From the entries below, return exactly the lines beginning at the one that contains "Lemma sum_bmons_vanishing (V" and ending at the one that contains "Definition Sigma_term c", both of them included, and only those lines.

+++

(* Let $B$ be a finite set of Boolean functions. There exists an MSO formula $\theta_{\mathit{extension}}$ over the vocabulary $\tau_{B,\mathit{dl}}$ such that for every $B$-default theory $(W,D)$: $(W,D)$ possesses a stable extension if and only if $\mathcal{A}_{(W,D)}\models\theta_{\mathit{extension}}$.
   Context: $B$-formulae are propositional formulae built from variables using the functions in $B$ (0-ary ones are constants). A $B$-default rule is a triple $\frac{\alpha:\beta}{\gamma}$ of $B$-formulae (prerequisite $\alpha$, justification $\beta$, conclusion $\gamma$); a $B$-default theory $(W,D)$ is a set $W$ of $B$-formulae and a set $D$ of $B$-default rules. For a set $E$ of formulae, $\Gamma(E)$ is the smallest set of formulae with $W\subseteq\Gamma(E)$, $\Gamma(E)$ closed under propositional consequence, and $\gamma\in\Gamma(E)$ whenever $\frac{\alpha:\beta}{\gamma}\in D$, $\alpha\in\Gamma(E)$ and $\neg\beta\notin E$. A stable extension of $(W,D)$ is a set $E$ with $E=\Gamma(E)$. The vocabulary $\tau_{B,\mathit{dl}}$ consists of unary symbols $\mathrm{const}_f$ (for 0-ary $f\in B$), binary symbols $\mathrm{conn}_{f,i}$ ($f\in B$, $1\le i\le\mathrm{arity}(f)$), unary symbols $\mathrm{var},\mathrm{repr},\mathrm{kb},\mathrm{default}$ and binary symbols $\mathrm{prem},\mathrm{just},\mathrm{concl}$. The structure $\mathcal{A}_{(W,D)}$ has as universe the set of subformulae of the formulae in $W\cup\{\alpha,\beta,\gamma,\neg\beta \mid \frac{\alpha:\beta}{\gamma}\in D\}$ together with one new element for each default in $D$; $\mathrm{var}(x)$ holds iff $x$ is a variable, $\mathrm{repr}(x)$ iff $x$ is one of the formulae of $W$ or one of the $\alpha,\beta,\gamma$ of defaults, $\mathrm{const}_f(x)$ iff $x$ is the constant $f$, $\mathrm{conn}_{f,i}(x,y)$ iff $x$ is the $i$-th argument of the function $f$ at the root of $y$, $\mathrm{kb}(x)$ iff $x\in W$, $\mathrm{default}(x)$ iff $x$ represents a default of $D$, and $\mathrm{prem}(x,y)$ (resp. $\mathrm{just}(x,y)$, $\mathrm{concl}(x,y)$) iff $y$ represents a default $\frac{\alpha:\beta}{\gamma}$ and $x$ is its $\alpha$ (resp. $\beta$, $\gamma$). *)

From Stdlib Require List.
From mathcomp Require Import all_boot.
Set Implicit Arguments.
Unset Strict Implicit.
Unset Printing Implicit Defensive.

Definition BoolFun : Type := {n : nat & {ffun n.-tuple bool -> bool}}.

Definition arity (f : BoolFun) : nat := projT1 f.

(* Propositional formulae built from variables (indexed by nat) using
   arbitrary Boolean functions.  0-ary functions are constants. *)
Inductive form : Type :=
| Var of nat
| App of BoolFun & seq form.

Inductive wf : form -> Prop :=
| wf_var n : wf (Var n)
| wf_app f args : size args = arity f ->
    (forall a, List.In a args -> wf a) -> wf (App f args).
Definition Sigma (c : Bhat) : Cl :=
  fun xs =>
    \sum_(s : Pat) \sum_(al : {ffun 'I_l -> 'X_{1..n < bound xs}})
      mulAP (c s [ffun j => bmnm (al j)])
            (\prod_(j < l) mderivm (bmnm (al j)) (xs j (s j))).

End Defs.

From HB Require Import structures.
From mathcomp Require Import all_boot all_order all_algebra.
From mathcomp Require Import Rstruct.
From mathcomp.multinomials Require Import mpoly.

Set Implicit Arguments.
Unset Strict Implicit.
Unset Printing Implicit Defensive.

Local Open Scope ring_scope.

(* Evaluating Sigma(c) on a tuple of monomials x^(be j) xi^(s j) gives
   be! c(s, be) plus terms in the c(s, m) with m < be componentwise, since
   d^m x^b vanishes unless m <= b.  This triangular system makes Sigma
   injective and can be solved for c by recursion on the total degree of be;
   as a multilinear map is determined by its values on such tuples, Sigma is
   onto.  All sums are finite because d^m p = 0 as soon as |m| >= msize p.
   For d_l Sigma = Sigma partial_l, the term of partial_l moving p_i from the
   phi^0-part of the j-th factor to its zeta_i-part corresponds under sigma to
   d^(m + U_i) a_0 = d^m (d_i a_0), i.e. to the xi^i-component of d a; on both
   sides the Koszul sign is the product of the parities of the factors before
   the j-th one. *)

Lemma eq_big_uniq_vanishing (V : nmodType) (T : eqType) (s1 s2 : seq T)
    (F : T -> V) :
  uniq s1 -> uniq s2 ->
  (forall x, x \in s1 -> x \notin s2 -> F x = 0) ->
  (forall x, x \in s2 -> x \notin s1 -> F x = 0) ->
  \sum_(x <- s1) F x = \sum_(x <- s2) F x.
Proof.
move=> uniq1 uniq2 F1 F2.
rewrite (bigID [in s2]) /= [X in _ + X]big1_seq ?addr0; last first.
  by move=> x /andP[x_out x_in]; apply: F1.
rewrite [RHS](bigID [in s1]) /= [X in _ + X]big1_seq ?addr0; last first.
  by move=> x /andP[x_out x_in]; apply: F2.
rewrite -[LHS]big_filter -[RHS]big_filter; apply/perm_big/uniq_perm.
- exact: filter_uniq.
- exact: filter_uniq.
- by move=> x; rewrite !mem_filter andbC.
Qed.

Lemma eq_big_codom_vanishing (V : nmodType) (T : eqType) (I J : finType)
    (f : I -> T) (g : J -> T) (F : T -> V) :
  injective f -> injective g ->
  (forall x, x \in codom f -> x \notin codom g -> F x = 0) ->
  (forall x, x \in codom g -> x \notin codom f -> F x = 0) ->
  \sum_i F (f i) = \sum_j F (g j).
Proof.
move=> inj_f inj_g Ff Fg.
rewrite -!big_image /=; apply: eq_big_uniq_vanishing => //.
all: by rewrite map_inj_uniq // enum_uniq.
Qed.

Lemma ffun_neq_exists (I : finType) (T : eqType) (f g : {ffun I -> T}) :
  f != g -> exists i, f i != g i.
Proof.
move=> neq_fg; apply/existsP; apply: contraNT neq_fg => /existsPn eq_fg.
by apply/eqP/ffunP => i; apply/eqP/negPn/eq_fg.
Qed.

Lemma prodD1 (T : comPzSemiRingType) l (j : 'I_l) (F : 'I_l -> T) :
  \prod_(i < l) F i = F j * \prod_(i < l | i != j) F i.
Proof. by rewrite (bigD1 j). Qed.

Section Derivatives.
Variable n : nat.
Implicit Types (m b : 'X_{1..n}) (p : {mpoly R[n]}).

Lemma mderivmX_eq0 m b : ~~ (m <= b)%MM -> ('X_[b] : {mpoly R[n]})^`M[m] = 0.
Proof.
move=> not_mb; have [i lt_bm] : exists i, (b i < m i)%N.
  apply/existsP; apply: contraNT not_mb => /existsPn ge_bm.
  by apply/mnm_lepP => i; rewrite leqNgt; apply: ge_bm.
by rewrite mderivmX (bigD1 i) //= ffact_small // mul0n scale0r.
Qed.

Lemma mderivm_eq0 m p : (msize p <= mdeg m)%N -> p^`M[m] = 0.
Proof.
move=> size_le; rewrite [p]mpolyE raddf_sum /=; apply: big1_seq => b /andP[_ b_supp].
rewrite linearZ /= mderivmX_eq0 ?scaler0 //; apply/negP => le_mb.
have := leq_trans (msize_mdeg_lt b_supp) size_le.
by rewrite -(submK le_mb) mdegD ltnNge leq_addl.
Qed.

End Derivatives.

Section ProductWithPolynomial.
Variable n : nat.
Implicit Types (a b : A n) (q r : P n).

Lemma mulAP0l q : mulAP 0 q = 0.
Proof. by apply/ffunP => o; rewrite !ffunE mul0r. Qed.

Lemma mulAP0r a : mulAP a 0 = 0.
Proof. by apply/ffunP => o; rewrite !ffunE mulr0. Qed.

Lemma mulAP1r a : mulAP a 1 = a.
Proof. by apply/ffunP => o; rewrite !ffunE mulr1. Qed.

Lemma mulAPDl a b q : mulAP (a + b) q = mulAP a q + mulAP b q.
Proof. by apply/ffunP => o; rewrite !ffunE mulrDl. Qed.

Lemma mulAPDr a q r : mulAP a (q + r) = mulAP a q + mulAP a r.
Proof. by apply/ffunP => o; rewrite !ffunE mulrDr. Qed.

Lemma mulAPZl k a q : mulAP (k *: a) q = k *: mulAP a q.
Proof. by apply/ffunP => o; rewrite !ffunE -scalerAl. Qed.

Lemma mulAPZr k a q : mulAP a (k *: q) = k *: mulAP a q.
Proof. by apply/ffunP => o; rewrite !ffunE scalerAr. Qed.

Lemma mulAP_suml (I : Type) (r : seq I) (Q : pred I) (F : I -> A n) q :
  mulAP (\sum_(i <- r | Q i) F i) q = \sum_(i <- r | Q i) mulAP (F i) q.
Proof. exact: (big_morph (fun a => mulAP a q) (fun a b => mulAPDl a b q) (mulAP0l q)). Qed.

Lemma mulAP_sumr (I : Type) (r : seq I) (Q : pred I) (F : I -> P n) a :
  mulAP a (\sum_(i <- r | Q i) F i) = \sum_(i <- r | Q i) mulAP a (F i).
Proof. exact: (big_morph (mulAP a) (mulAPDr a) (mulAP0r a)). Qed.

End ProductWithPolynomial.

Section BoundedMonomials.
Variables n l : nat.

Definition bmons N (al : {ffun 'I_l -> 'X_{1..n < N}}) : Mon n l :=
  [ffun j => bmnm (al j)].

Definition in_box N (m : Mon n l) : bool := [forall j, mdeg (m j) < N]%N.

Lemma bmons_inj N : injective (@bmons N).
Proof.
move=> al al' /ffunP eq_al; apply/ffunP => j; apply/val_inj.
by have := eq_al j; rewrite !ffunE.
Qed.

Lemma codom_bmons N m : (m \in codom (@bmons N)) = in_box N m.
Proof.
apply/codomP/forallP => [[al ->] j|in_N]; first by rewrite ffunE bmdeg.
by exists [ffun j => BMultinom (in_N j)]; apply/ffunP => j; rewrite !ffunE.
Qed.

Lemma sum_bmons_vanishing (V : nmodType) K N (G : Mon n l -> V) : (K <= N)%N ->
  (forall m, ~~ in_box K m -> G m = 0) ->
  \sum_(al : {ffun 'I_l -> 'X_{1..n < N}}) G (bmons al)
  = \sum_(al : {ffun 'I_l -> 'X_{1..n < K}}) G (bmons al).
Proof.
move=> le_KN G0; apply: eq_big_codom_vanishing; try exact: bmons_inj.
  by move=> m _; rewrite codom_bmons; apply: G0.
move=> m; rewrite !codom_bmons => /forallP in_K /negP[].
by apply/forallP => j; apply: leq_trans (in_K j) le_KN.
Qed.

End BoundedMonomials.

Lemma sum_bmnm_vanishing (V : nmodType) n K N (G : 'X_{1..n} -> V) : (K <= N)%N ->
  (forall m, (K <= mdeg m)%N -> G m = 0) ->
  \sum_(b : 'X_{1..n < N}) G b = \sum_(b : 'X_{1..n < K}) G b.
Proof.
have codom_bmnm k m : (m \in codom (@bmnm n k)) = (mdeg m < k)%N.
  by apply/codomP/idP => [[b ->]|lt_mk]; [exact: bmdeg | exists (BMultinom lt_mk)].
move=> le_KN G0; apply: eq_big_codom_vanishing; try exact: val_inj.
  by move=> m _; rewrite codom_bmnm -leqNgt; apply: G0.
by move=> m; rewrite !codom_bmnm => lt_mK /negP[]; apply: leq_trans lt_mK le_KN.
Qed.

Section SigmaTruncated.
Variables n l : nat.
Implicit Types (c : Bhat n l) (xs : {ffun 'I_l -> A n}) (s : Pat n l) (m : Mon n l).

Definition Sigma_term c xs s m : A n :=
  mulAP (c s m) (\prod_(j < l) (xs j (s j))^`M[m j]).

Definition Sigma_box N c xs : A n :=
  \sum_s \sum_(al : {ffun 'I_l -> 'X_{1..n < N}}) Sigma_term c xs s (bmons al).

Lemma msize_le_bound xs j o : (msize (xs j o) <= bound xs)%N.
Proof. by apply: leq_trans (leq_bigmax j); rewrite (bigD1 o) //= leq_maxl. Qed.
(* Let $N$ be finite, $\mathbf P$ stochastic on $N$, $0<\beta<1$, $\mathbf R\in\mathbb R^N$, $S\subseteq N$ and $j\in S^c$. Then $a^S_{jj}\neq 0$, and with $T=S^c\setminus\{j\}$: $$\mathbf A^{S\cup\{j\}}_{T,S}=\mathbf A^S_{T,S}-\frac{\mathbf A^S_{T,j}\mathbf A^S_{j,S}}{a^S_{jj}},\qquad \mathbf A^{S\cup\{j\}}_{T,j}=\frac{\mathbf A^S_{T,j}}{a^S_{jj}},$$ $$\mathbf w^{S\cup\{j\}}_S=\mathbf w^S_S+\frac{w^S_j}{a^S_{jj}}\mathbf A^S_{S,j},\qquad w^{S\cup\{j\}}_j=\frac{w^S_j}{a^S_{jj}},\qquad \mathbf w^{S\cup\{j\}}_T=\mathbf w^S_T-\frac{w^S_j}{a^S_{jj}}\mathbf A^S_{T,j},$$ and the same three identities hold with $\mathbf w$ replaced by $\mathbf r$ throughout.
   Context: $N$ finite, $\mathbf P=(p_{ij})$ stochastic, $\beta\in(0,1)$, $\mathbf R=(R_j)$; submatrices such as $\mathbf A^S_{T,S}$ use row set $T$ and column set $S$, and $a^S_{ij}$ are the entries of $\mathbf A^S$; $S^c=N\setminus S$. Define $$\mathbf P^S=\begin{bmatrix}\mathbf P_{SS}&\mathbf P_{SS^c}\\\mathbf 0&\mathbf I_{S^c}\end{bmatrix},\ \mathbf P^{S^c}=\begin{bmatrix}\mathbf I_S&\mathbf 0\\\mathbf P_{S^cS}&\mathbf P_{S^cS^c}\end{bmatrix},\ \mathbf A^S=(\mathbf I-\beta\mathbf P^{S^c})(\mathbf I-\beta\mathbf P^S)^{-1}.$$ With $X(t)$ the Markov chain with matrix $\mathbf P$, $\mathsf E_i$ expectation given $X(0)=i$, and $\tau_S=\min\{t\ge0:X(t)\notin S\}$: $f_i^S=\mathsf{E}_i[\sum_{t=0}^{\tau_S-1}R_{X(t)}\beta^t]$, $g_i^S=\mathsf{E}_i[\sum_{t=0}^{\tau_S-1}\beta^t]$, $w_i^S=1+\beta\sum_kp_{ik}g_k^S-\beta g_i^S$, $r_i^S=R_i+\beta\sum_kp_{ik}f_k^S-\beta f_i^S$; $\mathbf w^S,\mathbf r^S$ are the column vectors of these, and subscripts denote sub-vectors. *)

From HB Require Import structures.
From mathcomp Require Import all_boot all_order all_algebra.
From mathcomp Require Import all_classical all_reals all_analysis.
Set Implicit Arguments. Unset Strict Implicit. Unset Printing Implicit Defensive.
Import Order.TTheory GRing.Theory Num.Theory.
Local Open Scope ring_scope.
(* Let $n\in\mathbb{N}$ and $r\in\mathbb{F}_2((x^{-1}))$ with $0\le\deg(r)<2^n$. Then $[r]=[P^{2^n}(r)]$.
   Context: $\mathbb{F}_2((x^{-1}))$ is the field of formal series $\sum_{z\in\mathbb{Z}}a_zx^z$, $a_z\in\mathbb{F}_2$, with $a_z\ne0$ for only finitely many positive $z$; $\deg$ is the largest exponent with nonzero coefficient. The polynomial part is $[\sum a_zx^z]=\sum_{z\ge0}a_zx^z$. $P(r)=\frac{x}{x+1}r$ with $\frac{x}{x+1}=\sum_{k\ge0}x^{-k}$. *)

From mathcomp Require Import all_boot all_order all_algebra.
From mathcomp Require Import zify.
Set Implicit Arguments. Unset Strict Implicit. Unset Printing Implicit Defensive.
Import Order.TTheory GRing.Theory Num.Theory.
Local Open Scope ring_scope.

(* A formal series sum_{z in Z} a_z x^z over F_2 together with an explicit
   bound above which all coefficients vanish (so only finitely many positive
   z have a_z <> 0).  Series are compared through [coef] only. *)
Record lseries := LSeries {
  coef : int -> 'F_2 ;
  ubound : int ;
  coef_ub : forall z : int, ubound < z -> coef z = 0 }.

(* Cauchy product: (a b)_z = sum_i a_i b_{z-i}.  Nonzero terms only occur for
   z - ubound b <= i <= ubound a; the finite sum below runs over
   i = z - ubound b + k, k = 0 .. |ubound a + ubound b - z|, which covers
   all of them (each i once), so it is the full sum. *)
Definition lmul_coef (a b : lseries) (z : int) : 'F_2 :=
  \sum_(k < (absz (ubound a + ubound b - z)%R).+1)
     coef a (z - ubound b + k%:Z) * coef b (ubound b - k%:Z).

Lemma lmul_coef_ub (a b : lseries) (z : int) :
  ubound a + ubound b < z -> lmul_coef a b z = 0.
Proof.
move=> hz; rewrite /lmul_coef big1 // => k _.
rewrite coef_ub ?mul0r //; lia.
Qed.

Definition lmul (a b : lseries) : lseries :=
  @LSeries (lmul_coef a b) (ubound a + ubound b) (@lmul_coef_ub a b).

(* The series x/(x+1) = sum_{k >= 0} x^{-k}. *)
Definition xx1_coef (z : int) : 'F_2 := if z <= 0 then 1 else 0.

Lemma xx1_coef_ub (z : int) : 0 < z -> xx1_coef z = 0.
Proof. by rewrite /xx1_coef => hz; rewrite leNgt hz. Qed.

Definition xx1 : lseries := @LSeries xx1_coef 0 xx1_coef_ub.

Definition P (r : lseries) : lseries := lmul xx1 r.

Definition has_deg (r : lseries) (d : int) : Prop :=
  coef r d != 0 /\ forall z : int, d < z -> coef r z = 0.

Definition polypart (r : lseries) : {poly 'F_2} :=
  \poly_(i < (absz (ubound r)).+1) coef r i%:Z.

From mathcomp Require Import all_boot all_order all_algebra.
From mathcomp Require Import zify.
From Stdlib Require Import FunctionalExtensionality.
Set Implicit Arguments. Unset Strict Implicit. Unset Printing Implicit Defensive.
Import Order.TTheory GRing.Theory Num.Theory.
Local Open Scope ring_scope.

(* P is multiplication by x/(x+1), so it is inverted by multiplication by
   1 + x^-1, which on coefficients is the forward difference [fdiff].  In
   characteristic 2, (1 + x^-1)^(2^n) = 1 + x^-(2^n), hence r_z = s_z + s_(z+2^n)
   for s = P^(2^n) r.  Since x/(x+1) has degree 0, s vanishes above deg r < 2^n,
   so r_z = s_z for every z >= 0. *)

Section ForwardDifference.

Variable R : nzRingType.
Hypothesis pchar2_R : 2 \in [pchar R].

Definition fdiff (w : int -> R) : int -> R := fun z => w z + w (z + 1).

Lemma iter_fdiff_pow2 (n : nat) (w : int -> R) (z : int) :
  iter (2 ^ n) fdiff w z = w z + w (z + (2 ^ n)%N%:Z).
Proof.
elim: n w z => [|n IHn] w z //.
rewrite expnS mul2n -addnn iterD IHn !IHn.
rewrite -addrA [X in _ + X]addrA (addrr_pchar2 pchar2_R) add0r.
by congr (_ + w _); lia.
Qed.

End ForwardDifference.

Arguments fdiff {R}.

Lemma coef_P_tail (s : lseries) (e : nat) :
  coef (P s) (ubound s - e%:Z) = \sum_(k < e.+1) coef s (ubound s - k%:Z).
Proof.
rewrite /= /lmul_coef /= add0r.
have -> : absz (ubound s - (ubound s - e%:Z))%R = e by lia.
apply: eq_bigr => k _; rewrite /xx1_coef ifT ?mul1r //.
by have := ltn_ord k; lia.
Qed.

Lemma fdiff_coef_P (s : lseries) : fdiff (coef (P s)) = coef s.
Proof.
have pchar2_F2 : 2 \in [pchar 'F_2] by exact: pchar_Fp.
apply: functional_extensionality => z; rewrite /fdiff.
have [ub_lt_z | z_le_ub] := ltP (ubound s) z.
  by rewrite !coef_ub ?addr0 //= ?add0r //; lia.
have [e ->] : exists e : nat, z = ubound s - e%:Z.
  by exists (absz (ubound s - z)); lia.
rewrite coef_P_tail; case: e => [|e].
  by rewrite coef_ub /= ?add0r ?big_ord1 ?addr0 ?subr0 //; lia.
have -> : ubound s - e.+1%:Z + 1 = ubound s - e%:Z by lia.
by rewrite coef_P_tail big_ord_recr /= addrAC (addrr_pchar2 pchar2_F2) add0r.
Qed.

Lemma iter_fdiff_coef_iter_P (k : nat) (r : lseries) :
  iter k fdiff (coef (iter k P r)) = coef r.
Proof. by elim: k => [|k IHk] //; rewrite iterSr iterS fdiff_coef_P. Qed.

Lemma coef_P_gt (s : lseries) (d : int) :
  (forall z, d < z -> coef s z = 0) -> forall z, d < z -> coef (P s) z = 0.
Proof.
move=> s_gt_d z d_lt_z; rewrite /= /lmul_coef big1 // => k _.
rewrite /= /xx1_coef; case: ifP => [k_large|_]; last by rewrite mul0r.
by rewrite s_gt_d ?mulr0 //; lia.
Qed.

Lemma coef_iter_P_gt (k : nat) (r : lseries) (d : int) :
  (forall z, d < z -> coef r z = 0) -> forall z, d < z -> coef (iter k P r) z = 0.
Proof. by move=> r_gt_d; elim: k => [|k IHk] //=; exact: coef_P_gt. Qed.

Lemma ubound_iter_P (k : nat) (r : lseries) : ubound (iter k P r) = ubound r.
Proof. by elim: k => [|k IHk] //=; rewrite add0r. Qed.

Theorem lemma3p1 (n : nat) (r : lseries) (d : int) :
  has_deg r d -> 0 <= d -> d < (2 ^ n)%N%:Z ->
  polypart r = polypart (iter (2 ^ n) P r).
Proof.
move=> [_ r_gt_d] _ d_lt_2n.
apply/polyP => i; rewrite /polypart !coef_poly ubound_iter_P.
case: ifP => // _.
rewrite -[in LHS](iter_fdiff_coef_iter_P (2 ^ n) r) iter_fdiff_pow2 ?pchar_Fp //.
by rewrite (coef_iter_P_gt _ r_gt_d (z := i%:Z + (2 ^ n)%N%:Z)) ?addr0 //; lia.
Qed.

+++

Result of the task:
Lemma sum_bmons_vanishing (V : nmodType) K N (G : Mon n l -> V) : (K <= N)%N ->
  (forall m, ~~ in_box K m -> G m = 0) ->
  \sum_(al : {ffun 'I_l -> 'X_{1..n < N}}) G (bmons al)
  = \sum_(al : {ffun 'I_l -> 'X_{1..n < K}}) G (bmons al).
Proof.
move=> le_KN G0; apply: eq_big_codom_vanishing; try exact: bmons_inj.
  by move=> m _; rewrite codom_bmons; apply: G0.
move=> m; rewrite !codom_bmons => /forallP in_K /negP[].
by apply/forallP => j; apply: leq_trans (in_K j) le_KN.
Qed.

End BoundedMonomials.

Lemma sum_bmnm_vanishing (V : nmodType) n K N (G : 'X_{1..n} -> V) : (K <= N)%N ->
  (forall m, (K <= mdeg m)%N -> G m = 0) ->
  \sum_(b : 'X_{1..n < N}) G b = \sum_(b : 'X_{1..n < K}) G b.
Proof.
have codom_bmnm k m : (m \in codom (@bmnm n k)) = (mdeg m < k)%N.
  by apply/codomP/idP => [[b ->]|lt_mk]; [exact: bmdeg | exists (BMultinom lt_mk)].
move=> le_KN G0; apply: eq_big_codom_vanishing; try exact: val_inj.
  by move=> m _; rewrite codom_bmnm -leqNgt; apply: G0.
by move=> m; rewrite !codom_bmnm => lt_mK /negP[]; apply: leq_trans lt_mK le_KN.
Qed.

Section SigmaTruncated.
Variables n l : nat.
Implicit Types (c : Bhat n l) (xs : {ffun 'I_l -> A n}) (s : Pat n l) (m : Mon n l).

Definition Sigma_term c xs s m : A n :=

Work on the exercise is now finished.